- Data under study
Lemma closed_FK : closed [set x : triple | FK x.1.2 x.2].
Proof.
have -> : [set x : triple | FK x.1.2 x.2] =
    [set x : triple | forall m k, 0 <= x.1.2 m k]
    `&` ([set x : triple | forall k n, 0 <= x.2 k n]
    `&` [set x : triple | forall k, \sum_(m < M) `|x.1.2 m k| = 1]) by [].
apply: closedI; last apply: closedI.
- apply: closed_forall => m; apply: closed_forall => k.
  exact: closed_fun_le (@cst_continuous _ _ 0) (continuous_mx_entry m k continuous_triple_W).
- apply: closed_forall => k; apply: closed_forall => n.
  exact: closed_fun_le (@cst_continuous _ _ 0) (continuous_mx_entry k n continuous_triple_H).
- apply: closed_forall => k; apply: closed_fun_eq _ (@cst_continuous _ _ _).
  apply: continuous_sum => m x.
  exact: continuous_comp (continuous_mx_entry m k continuous_triple_W x) (@norm_continuous R R _).
Qed.

Definition feasible : set triple :=
  [set x : triple | Defs.orthogonal x.1.1 /\ FK x.1.2 x.2].

Lemma closed_feasible : closed feasible.
Proof.
have -> : feasible =
    (fun x : triple => x.1.1) @^-1` orth_set `&` [set x | FK x.1.2 x.2] by [].
apply: closedI closed_FK.
exact: preimage_closed (fun x _ => continuous_triple_Phi x) closed_orth_set.
Qed.

Definition H_le (c : R) : set triple := [set x : triple | forall k n, x.2 k n <= c].

Lemma compact_feasible_H_le c : compact (feasible `&` H_le c).
Proof.
have closed_H_le : closed (H_le c).
  apply: closed_forall => k; apply: closed_forall => n.
  exact: closed_fun_le (continuous_mx_entry k n continuous_triple_H) (@cst_continuous _ _ c).
apply: subclosed_compact (closedI closed_feasible closed_H_le)
  (compact_setX (compact_setX (mx_box_compact M M 1) (mx_box_compact M K 1))
     (mx_box_compact K N c)) _.
move=> x [[Phi_orth WH_FK] H_le_c]; split; first split.
- exact: orthogonal_mx_box.
- exact: FK_mx_box WH_FK.
- move=> k n; case: WH_FK => _ [H_ge0 _].
  by rewrite ger0_norm ?H_ge0 ?H_le_c.
Qed.

Lemma feasible_sublevel_bounded (L : R) :
  exists c, forall x, feasible x -> CSt x <= L -> H_le c x.
Proof.
have [c CS_le_c] := CS_sublevel_bounded L.
exists c => x [_ WH_FK]; rewrite /CSt CSext_FK //.
exact: CS_le_c.
Qed.

Lemma feasible_W0_sublevel_bounded : exists c, forall x Phi,
  feasible x -> Defs.orthogonal Phi -> CSt x <= CSt (Phi, W0, 0) -> H_le c x.
Proof.
have [C CS_W0_le] := CS_W0_bounded.
have [c sublevel] := feasible_sublevel_bounded C.
exists c => x Phi x_feas Phi_orth x_le; apply: sublevel x_feas _.
apply: le_trans x_le _; rewrite /CSt /= CSext_FK; [exact: CS_W0_le | exact: FK_W0].
Qed.

Lemma Omega_star_argmin : @Omega_star R M N K S eps0 Y = argmin_set feasible CSt.
Proof.
apply/seteqP; split => x.
  case=> Phi_orth WH_FK x_min; split => // y [y_orth y_FK].
  by rewrite /CSt !CSext_FK //; exact: x_min.
case=> [[Phi_orth WH_FK] x_min]; split => // Phi W H Phi_orth' WH_FK'.
by have := x_min (Phi, W, H) (conj Phi_orth' WH_FK'); rewrite /CSt !CSext_FK.
Qed.

Lemma Omega_star_nonempty_compact :
  @Omega_star R M N K S eps0 Y !=set0 /\ compact (@Omega_star R M N K S eps0 Y).
Proof.
have [c sublevel] := feasible_W0_sublevel_bounded.
rewrite Omega_star_argmin.
have := argmin_set_nonempty_compact (a0 := ((1%:M, W0, 0) : triple)) closed_feasible
  (compact_feasible_H_le c) continuous_CSt (conj orthogonal1 FK_W0).
apply=> x x_feas x_le.
by split => //; exact: sublevel x_feas orthogonal1 x_le.
Qed.

Definition jd_feasible : set triple :=
  [set x : triple | argmin_set orth_set (LS eps0 Y) x.1.1 /\ FK x.1.2 x.2].

Lemma closed_jd_feasible : closed jd_feasible.
Proof.
have -> : jd_feasible = (fun x : triple => x.1.1) @^-1` argmin_set orth_set (LS eps0 Y)
    `&` [set x | FK x.1.2 x.2] by [].
apply: closedI closed_FK.
exact: preimage_closed (fun x _ => continuous_triple_Phi x)
  (closed_argmin_set closed_orth_set continuous_LS).
Qed.

Lemma Omega_dot_eq : @Omega_dot R M N K S eps0 Y = jd_feasible `&`
  [set x | forall z : 'M[R]_(M, K) * 'M[R]_(K, N), FK z.1 z.2 ->
     CSt x <= CSext x.1.1 z.1 z.2].
Proof.
apply/seteqP; split => x.
  case=> Phi_orth Phi_min WH_FK x_min; split => // z z_FK.
  by rewrite /CSt !CSext_FK //; exact: x_min.
case=> [[[Phi_orth Phi_min] WH_FK] x_min]; split => // W H WH_FK'.
by have := x_min (W, H) WH_FK'; rewrite /CSt !CSext_FK.
Qed.

Lemma closed_Omega_dot : closed (@Omega_dot R M N K S eps0 Y).
Proof.
rewrite Omega_dot_eq; apply: closedI closed_jd_feasible _.
apply: (closed_le_forall (A := [set z | FK z.1 z.2])
  (g := fun z x => CSext x.1.1 z.1 z.2) continuous_CSt) => z.
exact: continuous_CSext continuous_triple_Phi (@cst_continuous _ _ z.1)
  (@cst_continuous _ _ z.2).
Qed.

Lemma Omega_dot_nonempty_compact :
  @Omega_dot R M N K S eps0 Y !=set0 /\ compact (@Omega_dot R M N K S eps0 Y).
Proof.
have [c sublevel] := feasible_W0_sublevel_bounded.
have [[Phi1 Phi1_min] _] := argmin_set_nonempty_compact closed_orth_set
  compact_orth_set continuous_LS orthogonal1 (fun Phi Phi_orth _ => Phi_orth).
have jd_sublevel y : jd_feasible y -> CSt y <= CSt (Phi1, W0, 0) ->
    (feasible `&` H_le c) y.
  case=> [[y_orth _] WH_FK] y_le; have y_feas : feasible y by [].
  by split => //; exact: sublevel y_feas Phi1_min.1 y_le.
have [[x [x_jd x_min]] _] := argmin_set_nonempty_compact (a0 := ((Phi1, W0, 0) : triple))
  closed_jd_feasible (compact_feasible_H_le c) continuous_CSt (conj Phi1_min FK_W0)
  jd_sublevel.
split.
  exists x; rewrite Omega_dot_eq; split => // z z_FK.
  exact: (x_min (x.1.1, z.1, z.2) (conj x_jd.1 z_FK)).
apply: subclosed_compact closed_Omega_dot (compact_feasible_H_le c) _.
rewrite Omega_dot_eq => y [[[y_orth _] WH_FK] y_min].
have y_feas : feasible y by [].
by split => //; exact: sublevel y_feas y_orth (y_min (W0, 0) FK_W0).
Qed.

End TLNMF.

Theorem theorem1 (R : realType) (M N K S : nat) (eps0 : R)
  (Y : 'I_S -> 'M[R]_(M, N)) :
  (0 < M)%N -> (0 < N)%N -> (0 < K)%N -> (0 < S)%N -> 0 < eps0 ->
  [/\ @Omega_star R M N K S eps0 Y !=set0, compact (@Omega_star R M N K S eps0 Y),
      @Omega_dot R M N K S eps0 Y !=set0 & compact (@Omega_dot R M N K S eps0 Y)].
Proof.
move=> M_gt0 _ _ _ eps0_gt0.
have [star_nonempty star_compact] :=
  @Omega_star_nonempty_compact R M N K S eps0 Y M_gt0 eps0_gt0.
have [dot_nonempty dot_compact] :=
  @Omega_dot_nonempty_compact R M N K S eps0 Y M_gt0 eps0_gt0.
by split.
Qed.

- What you will do
Could you reproduce, exactly, every line above from the line with "(closed_argmin_set closed_orth_set continuous_LS)." to the line with "compact_orth_set continuous_LS orthogonal1", and no other line? Both ends count.

- Output below
  (closed_argmin_set closed_orth_set continuous_LS).
Qed.

Lemma Omega_dot_eq : @Omega_dot R M N K S eps0 Y = jd_feasible `&`
  [set x | forall z : 'M[R]_(M, K) * 'M[R]_(K, N), FK z.1 z.2 ->
     CSt x <= CSext x.1.1 z.1 z.2].
Proof.
apply/seteqP; split => x.
  case=> Phi_orth Phi_min WH_FK x_min; split => // z z_FK.
  by rewrite /CSt !CSext_FK //; exact: x_min.
case=> [[[Phi_orth Phi_min] WH_FK] x_min]; split => // W H WH_FK'.
by have := x_min (W, H) WH_FK'; rewrite /CSt !CSext_FK.
Qed.

Lemma closed_Omega_dot : closed (@Omega_dot R M N K S eps0 Y).
Proof.
rewrite Omega_dot_eq; apply: closedI closed_jd_feasible _.
apply: (closed_le_forall (A := [set z | FK z.1 z.2])
  (g := fun z x => CSext x.1.1 z.1 z.2) continuous_CSt) => z.
exact: continuous_CSext continuous_triple_Phi (@cst_continuous _ _ z.1)
  (@cst_continuous _ _ z.2).
Qed.

Lemma Omega_dot_nonempty_compact :
  @Omega_dot R M N K S eps0 Y !=set0 /\ compact (@Omega_dot R M N K S eps0 Y).
Proof.
have [c sublevel] := feasible_W0_sublevel_bounded.
have [[Phi1 Phi1_min] _] := argmin_set_nonempty_compact closed_orth_set
  compact_orth_set continuous_LS orthogonal1 (fun Phi Phi_orth _ => Phi_orth).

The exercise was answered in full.